[Stored items]
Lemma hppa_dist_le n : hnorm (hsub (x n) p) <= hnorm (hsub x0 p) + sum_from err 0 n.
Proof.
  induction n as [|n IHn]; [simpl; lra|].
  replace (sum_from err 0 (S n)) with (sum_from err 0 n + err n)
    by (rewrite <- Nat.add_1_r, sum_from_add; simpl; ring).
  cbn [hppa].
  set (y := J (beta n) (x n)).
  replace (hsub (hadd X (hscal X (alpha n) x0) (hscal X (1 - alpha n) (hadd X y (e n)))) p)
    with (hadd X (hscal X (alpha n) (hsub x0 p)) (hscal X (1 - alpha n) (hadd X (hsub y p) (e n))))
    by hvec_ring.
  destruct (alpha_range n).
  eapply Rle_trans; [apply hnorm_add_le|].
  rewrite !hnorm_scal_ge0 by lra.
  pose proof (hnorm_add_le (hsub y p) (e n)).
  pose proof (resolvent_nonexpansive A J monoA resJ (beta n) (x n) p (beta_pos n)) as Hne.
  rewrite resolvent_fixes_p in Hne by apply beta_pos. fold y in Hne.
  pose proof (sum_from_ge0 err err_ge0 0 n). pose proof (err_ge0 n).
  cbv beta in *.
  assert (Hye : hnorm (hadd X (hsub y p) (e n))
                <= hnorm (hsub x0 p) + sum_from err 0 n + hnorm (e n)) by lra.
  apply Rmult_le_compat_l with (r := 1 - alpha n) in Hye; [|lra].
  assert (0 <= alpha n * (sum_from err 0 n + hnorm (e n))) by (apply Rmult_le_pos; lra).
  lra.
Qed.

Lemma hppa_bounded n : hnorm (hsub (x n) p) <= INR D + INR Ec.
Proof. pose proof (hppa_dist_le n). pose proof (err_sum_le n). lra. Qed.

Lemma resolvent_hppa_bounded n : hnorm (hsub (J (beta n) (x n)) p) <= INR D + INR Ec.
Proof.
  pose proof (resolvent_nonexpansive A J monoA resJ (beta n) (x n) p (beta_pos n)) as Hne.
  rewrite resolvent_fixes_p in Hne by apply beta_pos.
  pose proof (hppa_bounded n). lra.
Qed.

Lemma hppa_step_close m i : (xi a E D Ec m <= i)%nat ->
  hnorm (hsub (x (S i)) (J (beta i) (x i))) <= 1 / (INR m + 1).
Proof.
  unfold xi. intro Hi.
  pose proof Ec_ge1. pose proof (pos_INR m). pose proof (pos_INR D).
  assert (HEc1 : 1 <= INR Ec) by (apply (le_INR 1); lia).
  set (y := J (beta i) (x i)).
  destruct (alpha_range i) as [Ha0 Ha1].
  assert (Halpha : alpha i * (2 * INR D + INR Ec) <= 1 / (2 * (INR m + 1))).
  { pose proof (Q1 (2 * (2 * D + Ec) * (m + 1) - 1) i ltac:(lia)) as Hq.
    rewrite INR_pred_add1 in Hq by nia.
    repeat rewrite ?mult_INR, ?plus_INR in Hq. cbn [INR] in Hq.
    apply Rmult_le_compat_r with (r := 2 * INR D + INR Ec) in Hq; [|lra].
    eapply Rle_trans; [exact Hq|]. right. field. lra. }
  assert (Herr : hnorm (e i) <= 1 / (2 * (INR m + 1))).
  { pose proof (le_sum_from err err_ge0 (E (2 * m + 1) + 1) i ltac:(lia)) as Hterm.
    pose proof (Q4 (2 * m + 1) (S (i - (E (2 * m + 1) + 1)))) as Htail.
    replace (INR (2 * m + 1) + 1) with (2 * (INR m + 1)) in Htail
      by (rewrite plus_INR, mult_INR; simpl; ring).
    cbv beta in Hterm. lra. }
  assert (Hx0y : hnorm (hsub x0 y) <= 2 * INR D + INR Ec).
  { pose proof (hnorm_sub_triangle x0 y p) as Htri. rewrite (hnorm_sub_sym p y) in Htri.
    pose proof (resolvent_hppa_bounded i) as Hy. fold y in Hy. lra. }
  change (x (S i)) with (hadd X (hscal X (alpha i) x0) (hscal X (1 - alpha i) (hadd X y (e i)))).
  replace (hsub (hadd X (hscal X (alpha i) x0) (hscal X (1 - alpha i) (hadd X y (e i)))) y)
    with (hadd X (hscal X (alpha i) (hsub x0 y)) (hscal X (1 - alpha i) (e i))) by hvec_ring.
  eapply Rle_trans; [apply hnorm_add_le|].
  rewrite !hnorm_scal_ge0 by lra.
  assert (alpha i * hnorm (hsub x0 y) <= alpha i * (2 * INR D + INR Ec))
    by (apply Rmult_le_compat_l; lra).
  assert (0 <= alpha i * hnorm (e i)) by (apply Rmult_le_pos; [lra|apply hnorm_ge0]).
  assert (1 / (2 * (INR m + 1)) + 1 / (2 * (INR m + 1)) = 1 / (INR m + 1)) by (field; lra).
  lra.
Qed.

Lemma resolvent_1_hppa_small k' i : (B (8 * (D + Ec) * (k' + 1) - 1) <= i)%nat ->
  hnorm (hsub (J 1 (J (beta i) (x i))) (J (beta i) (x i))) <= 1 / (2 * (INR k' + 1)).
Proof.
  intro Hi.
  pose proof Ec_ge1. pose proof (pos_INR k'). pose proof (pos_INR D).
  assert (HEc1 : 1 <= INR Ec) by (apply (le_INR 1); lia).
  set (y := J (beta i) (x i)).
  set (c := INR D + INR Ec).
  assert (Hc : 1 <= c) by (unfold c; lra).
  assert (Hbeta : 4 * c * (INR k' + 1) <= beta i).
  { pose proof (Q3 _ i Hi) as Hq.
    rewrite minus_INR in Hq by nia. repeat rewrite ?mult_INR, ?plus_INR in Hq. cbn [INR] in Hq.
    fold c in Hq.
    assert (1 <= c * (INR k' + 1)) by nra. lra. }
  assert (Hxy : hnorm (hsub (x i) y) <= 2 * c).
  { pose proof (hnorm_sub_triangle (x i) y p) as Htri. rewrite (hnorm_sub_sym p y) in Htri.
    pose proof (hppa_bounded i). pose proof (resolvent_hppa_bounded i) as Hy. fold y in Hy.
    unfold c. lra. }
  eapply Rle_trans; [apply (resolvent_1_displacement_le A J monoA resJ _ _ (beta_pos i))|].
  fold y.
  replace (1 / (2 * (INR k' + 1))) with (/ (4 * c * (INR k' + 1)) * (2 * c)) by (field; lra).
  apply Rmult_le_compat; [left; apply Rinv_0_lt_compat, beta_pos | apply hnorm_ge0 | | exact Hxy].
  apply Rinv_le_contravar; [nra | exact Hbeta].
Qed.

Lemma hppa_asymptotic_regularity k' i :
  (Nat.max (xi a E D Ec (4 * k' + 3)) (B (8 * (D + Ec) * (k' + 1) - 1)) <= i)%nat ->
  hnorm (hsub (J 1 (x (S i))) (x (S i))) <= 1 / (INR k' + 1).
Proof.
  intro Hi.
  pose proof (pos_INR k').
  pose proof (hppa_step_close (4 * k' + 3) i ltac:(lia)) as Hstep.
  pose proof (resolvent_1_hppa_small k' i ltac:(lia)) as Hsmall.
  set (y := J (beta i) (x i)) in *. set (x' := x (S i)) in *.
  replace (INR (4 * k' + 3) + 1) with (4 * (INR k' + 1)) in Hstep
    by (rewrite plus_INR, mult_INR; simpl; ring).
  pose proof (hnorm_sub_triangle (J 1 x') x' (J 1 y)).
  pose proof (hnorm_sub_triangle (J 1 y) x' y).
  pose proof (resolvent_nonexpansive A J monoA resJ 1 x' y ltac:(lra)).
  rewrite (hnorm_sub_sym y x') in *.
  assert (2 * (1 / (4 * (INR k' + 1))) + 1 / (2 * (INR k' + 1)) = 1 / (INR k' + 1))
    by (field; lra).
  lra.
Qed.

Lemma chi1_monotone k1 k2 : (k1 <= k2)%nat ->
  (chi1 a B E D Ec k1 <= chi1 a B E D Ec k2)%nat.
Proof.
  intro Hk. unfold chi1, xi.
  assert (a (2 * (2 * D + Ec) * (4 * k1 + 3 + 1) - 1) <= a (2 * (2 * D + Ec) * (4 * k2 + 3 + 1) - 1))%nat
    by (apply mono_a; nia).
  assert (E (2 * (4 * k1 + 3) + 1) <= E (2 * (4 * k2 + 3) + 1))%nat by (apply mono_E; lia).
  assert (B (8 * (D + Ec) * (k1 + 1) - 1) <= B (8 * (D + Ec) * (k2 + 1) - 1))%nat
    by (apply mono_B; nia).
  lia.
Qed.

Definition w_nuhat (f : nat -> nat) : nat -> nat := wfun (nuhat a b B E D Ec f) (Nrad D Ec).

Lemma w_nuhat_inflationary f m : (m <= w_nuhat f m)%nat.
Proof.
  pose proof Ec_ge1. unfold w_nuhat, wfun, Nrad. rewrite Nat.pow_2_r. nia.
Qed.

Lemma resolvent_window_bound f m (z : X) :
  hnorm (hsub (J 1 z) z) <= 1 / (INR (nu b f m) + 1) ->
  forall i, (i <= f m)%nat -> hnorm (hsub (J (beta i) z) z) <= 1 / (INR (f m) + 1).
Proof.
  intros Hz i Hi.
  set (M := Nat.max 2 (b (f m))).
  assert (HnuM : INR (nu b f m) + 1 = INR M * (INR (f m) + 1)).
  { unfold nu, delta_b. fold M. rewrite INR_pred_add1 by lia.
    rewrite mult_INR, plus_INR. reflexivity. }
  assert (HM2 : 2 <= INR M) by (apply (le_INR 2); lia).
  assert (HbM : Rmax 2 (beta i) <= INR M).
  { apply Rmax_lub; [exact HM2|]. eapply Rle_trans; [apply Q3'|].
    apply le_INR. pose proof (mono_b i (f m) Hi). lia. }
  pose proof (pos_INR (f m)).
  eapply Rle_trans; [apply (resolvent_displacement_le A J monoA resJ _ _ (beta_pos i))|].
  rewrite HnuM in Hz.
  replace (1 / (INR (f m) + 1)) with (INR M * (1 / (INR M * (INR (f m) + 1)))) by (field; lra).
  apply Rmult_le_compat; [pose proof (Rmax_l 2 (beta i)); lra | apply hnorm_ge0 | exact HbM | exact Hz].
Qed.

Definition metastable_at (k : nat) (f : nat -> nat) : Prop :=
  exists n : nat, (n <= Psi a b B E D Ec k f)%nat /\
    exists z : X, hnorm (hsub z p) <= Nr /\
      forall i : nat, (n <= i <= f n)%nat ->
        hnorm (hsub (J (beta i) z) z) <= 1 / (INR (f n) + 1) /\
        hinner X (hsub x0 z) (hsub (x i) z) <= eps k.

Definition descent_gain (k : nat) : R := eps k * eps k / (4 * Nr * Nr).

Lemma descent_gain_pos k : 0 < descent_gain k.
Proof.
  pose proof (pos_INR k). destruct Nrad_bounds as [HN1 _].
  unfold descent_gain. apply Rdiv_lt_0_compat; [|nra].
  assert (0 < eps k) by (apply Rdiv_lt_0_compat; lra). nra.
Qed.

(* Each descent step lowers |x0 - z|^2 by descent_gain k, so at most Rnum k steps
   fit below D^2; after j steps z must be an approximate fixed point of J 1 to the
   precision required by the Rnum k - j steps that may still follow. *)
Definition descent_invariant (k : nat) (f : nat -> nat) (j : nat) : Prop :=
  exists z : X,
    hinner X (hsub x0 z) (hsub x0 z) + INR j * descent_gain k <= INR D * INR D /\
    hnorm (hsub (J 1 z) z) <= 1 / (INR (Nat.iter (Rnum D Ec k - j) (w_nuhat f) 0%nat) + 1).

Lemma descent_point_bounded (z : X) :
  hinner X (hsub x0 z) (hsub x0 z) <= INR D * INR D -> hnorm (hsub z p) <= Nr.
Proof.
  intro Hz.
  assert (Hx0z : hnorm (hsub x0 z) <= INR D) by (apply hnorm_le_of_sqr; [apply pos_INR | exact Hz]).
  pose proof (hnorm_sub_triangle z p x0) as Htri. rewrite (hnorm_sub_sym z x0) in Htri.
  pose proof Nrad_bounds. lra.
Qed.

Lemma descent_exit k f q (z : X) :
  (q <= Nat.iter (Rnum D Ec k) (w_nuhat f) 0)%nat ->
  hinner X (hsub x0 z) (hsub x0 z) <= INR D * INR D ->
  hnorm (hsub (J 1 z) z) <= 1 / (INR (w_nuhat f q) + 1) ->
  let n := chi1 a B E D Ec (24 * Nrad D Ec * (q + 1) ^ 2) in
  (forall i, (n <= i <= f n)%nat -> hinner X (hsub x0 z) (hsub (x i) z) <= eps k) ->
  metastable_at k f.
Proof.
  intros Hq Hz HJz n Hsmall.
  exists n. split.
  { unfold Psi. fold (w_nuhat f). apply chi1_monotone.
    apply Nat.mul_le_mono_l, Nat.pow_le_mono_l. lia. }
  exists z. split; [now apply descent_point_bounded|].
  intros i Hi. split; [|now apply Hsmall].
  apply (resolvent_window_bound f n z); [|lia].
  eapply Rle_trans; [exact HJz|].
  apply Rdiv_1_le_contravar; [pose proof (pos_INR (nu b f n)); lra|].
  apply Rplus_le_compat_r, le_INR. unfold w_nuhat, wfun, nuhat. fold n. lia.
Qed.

...

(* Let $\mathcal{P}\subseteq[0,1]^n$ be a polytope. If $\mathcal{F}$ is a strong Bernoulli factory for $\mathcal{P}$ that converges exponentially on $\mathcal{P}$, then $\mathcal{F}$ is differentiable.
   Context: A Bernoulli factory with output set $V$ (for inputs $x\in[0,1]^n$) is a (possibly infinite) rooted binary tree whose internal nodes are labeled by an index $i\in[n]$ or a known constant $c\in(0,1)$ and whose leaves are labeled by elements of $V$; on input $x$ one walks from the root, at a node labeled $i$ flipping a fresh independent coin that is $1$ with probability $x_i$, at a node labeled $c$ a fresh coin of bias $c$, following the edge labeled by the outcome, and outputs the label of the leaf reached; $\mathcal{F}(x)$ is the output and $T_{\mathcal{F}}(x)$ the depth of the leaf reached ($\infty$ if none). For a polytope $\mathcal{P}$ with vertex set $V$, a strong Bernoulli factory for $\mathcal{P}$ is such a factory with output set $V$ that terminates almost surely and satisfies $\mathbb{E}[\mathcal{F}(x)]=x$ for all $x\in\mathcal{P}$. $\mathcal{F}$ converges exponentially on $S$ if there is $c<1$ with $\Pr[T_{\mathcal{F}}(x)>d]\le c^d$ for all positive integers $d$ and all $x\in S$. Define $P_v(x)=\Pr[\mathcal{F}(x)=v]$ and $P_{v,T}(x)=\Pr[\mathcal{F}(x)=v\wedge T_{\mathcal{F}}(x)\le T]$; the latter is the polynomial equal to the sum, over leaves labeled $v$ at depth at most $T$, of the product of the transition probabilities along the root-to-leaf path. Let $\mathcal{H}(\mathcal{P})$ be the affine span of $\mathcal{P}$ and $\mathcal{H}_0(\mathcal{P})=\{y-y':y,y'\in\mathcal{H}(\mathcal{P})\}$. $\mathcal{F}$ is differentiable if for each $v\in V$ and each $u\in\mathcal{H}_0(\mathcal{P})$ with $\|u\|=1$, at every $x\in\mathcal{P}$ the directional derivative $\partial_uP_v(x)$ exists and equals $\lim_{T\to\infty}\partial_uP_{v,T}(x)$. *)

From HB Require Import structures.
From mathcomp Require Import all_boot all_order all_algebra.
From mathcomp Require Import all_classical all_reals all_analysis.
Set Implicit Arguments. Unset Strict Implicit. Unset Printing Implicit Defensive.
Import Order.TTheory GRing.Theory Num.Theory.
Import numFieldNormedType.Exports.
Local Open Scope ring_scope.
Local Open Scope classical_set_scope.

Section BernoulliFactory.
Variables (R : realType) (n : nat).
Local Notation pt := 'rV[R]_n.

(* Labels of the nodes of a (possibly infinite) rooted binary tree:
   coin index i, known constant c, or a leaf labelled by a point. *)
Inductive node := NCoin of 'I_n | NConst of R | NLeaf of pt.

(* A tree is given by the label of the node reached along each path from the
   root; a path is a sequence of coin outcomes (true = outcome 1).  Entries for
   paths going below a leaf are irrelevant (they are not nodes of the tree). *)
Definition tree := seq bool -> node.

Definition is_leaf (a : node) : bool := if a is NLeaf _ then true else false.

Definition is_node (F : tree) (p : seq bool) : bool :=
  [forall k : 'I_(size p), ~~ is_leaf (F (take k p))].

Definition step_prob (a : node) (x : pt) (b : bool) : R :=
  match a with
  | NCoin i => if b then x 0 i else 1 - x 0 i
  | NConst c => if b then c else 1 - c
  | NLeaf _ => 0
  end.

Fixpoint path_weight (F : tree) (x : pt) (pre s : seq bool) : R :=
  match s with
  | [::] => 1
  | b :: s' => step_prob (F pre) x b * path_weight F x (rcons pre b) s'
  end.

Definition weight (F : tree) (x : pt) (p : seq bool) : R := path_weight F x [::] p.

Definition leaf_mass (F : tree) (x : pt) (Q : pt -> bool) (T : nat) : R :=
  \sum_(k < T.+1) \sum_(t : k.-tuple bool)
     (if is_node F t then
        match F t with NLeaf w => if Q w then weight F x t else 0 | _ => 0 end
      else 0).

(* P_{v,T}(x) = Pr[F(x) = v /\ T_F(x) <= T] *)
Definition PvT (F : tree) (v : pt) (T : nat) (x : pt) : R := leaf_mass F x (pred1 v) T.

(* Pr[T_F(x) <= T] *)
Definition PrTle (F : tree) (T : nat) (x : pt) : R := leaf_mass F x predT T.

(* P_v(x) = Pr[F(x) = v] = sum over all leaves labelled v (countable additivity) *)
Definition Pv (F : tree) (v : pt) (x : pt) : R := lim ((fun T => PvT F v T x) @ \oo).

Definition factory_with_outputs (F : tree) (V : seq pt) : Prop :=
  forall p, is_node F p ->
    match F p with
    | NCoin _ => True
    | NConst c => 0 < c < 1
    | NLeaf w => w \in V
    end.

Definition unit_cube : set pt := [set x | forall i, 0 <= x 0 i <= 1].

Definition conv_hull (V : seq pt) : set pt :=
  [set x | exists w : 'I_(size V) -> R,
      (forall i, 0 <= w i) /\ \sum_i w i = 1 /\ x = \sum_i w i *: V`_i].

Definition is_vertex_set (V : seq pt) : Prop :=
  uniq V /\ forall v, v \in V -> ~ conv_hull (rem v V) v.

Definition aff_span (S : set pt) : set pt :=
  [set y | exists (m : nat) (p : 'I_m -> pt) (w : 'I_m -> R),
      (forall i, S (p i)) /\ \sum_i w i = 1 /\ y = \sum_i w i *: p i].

Assignment: Starting at the line above that holds "assert (B (8" and ending at the line that holds "hnorm (hsub (J 1 z) z) <= 1 / (INR (nu", transcribe each line exactly and include no other lines.

Expected answer:
  assert (B (8 * (D + Ec) * (k1 + 1) - 1) <= B (8 * (D + Ec) * (k2 + 1) - 1))%nat
    by (apply mono_B; nia).
  lia.
Qed.

Definition w_nuhat (f : nat -> nat) : nat -> nat := wfun (nuhat a b B E D Ec f) (Nrad D Ec).

Lemma w_nuhat_inflationary f m : (m <= w_nuhat f m)%nat.
Proof.
  pose proof Ec_ge1. unfold w_nuhat, wfun, Nrad. rewrite Nat.pow_2_r. nia.
Qed.

Lemma resolvent_window_bound f m (z : X) :
  hnorm (hsub (J 1 z) z) <= 1 / (INR (nu b f m) + 1) ->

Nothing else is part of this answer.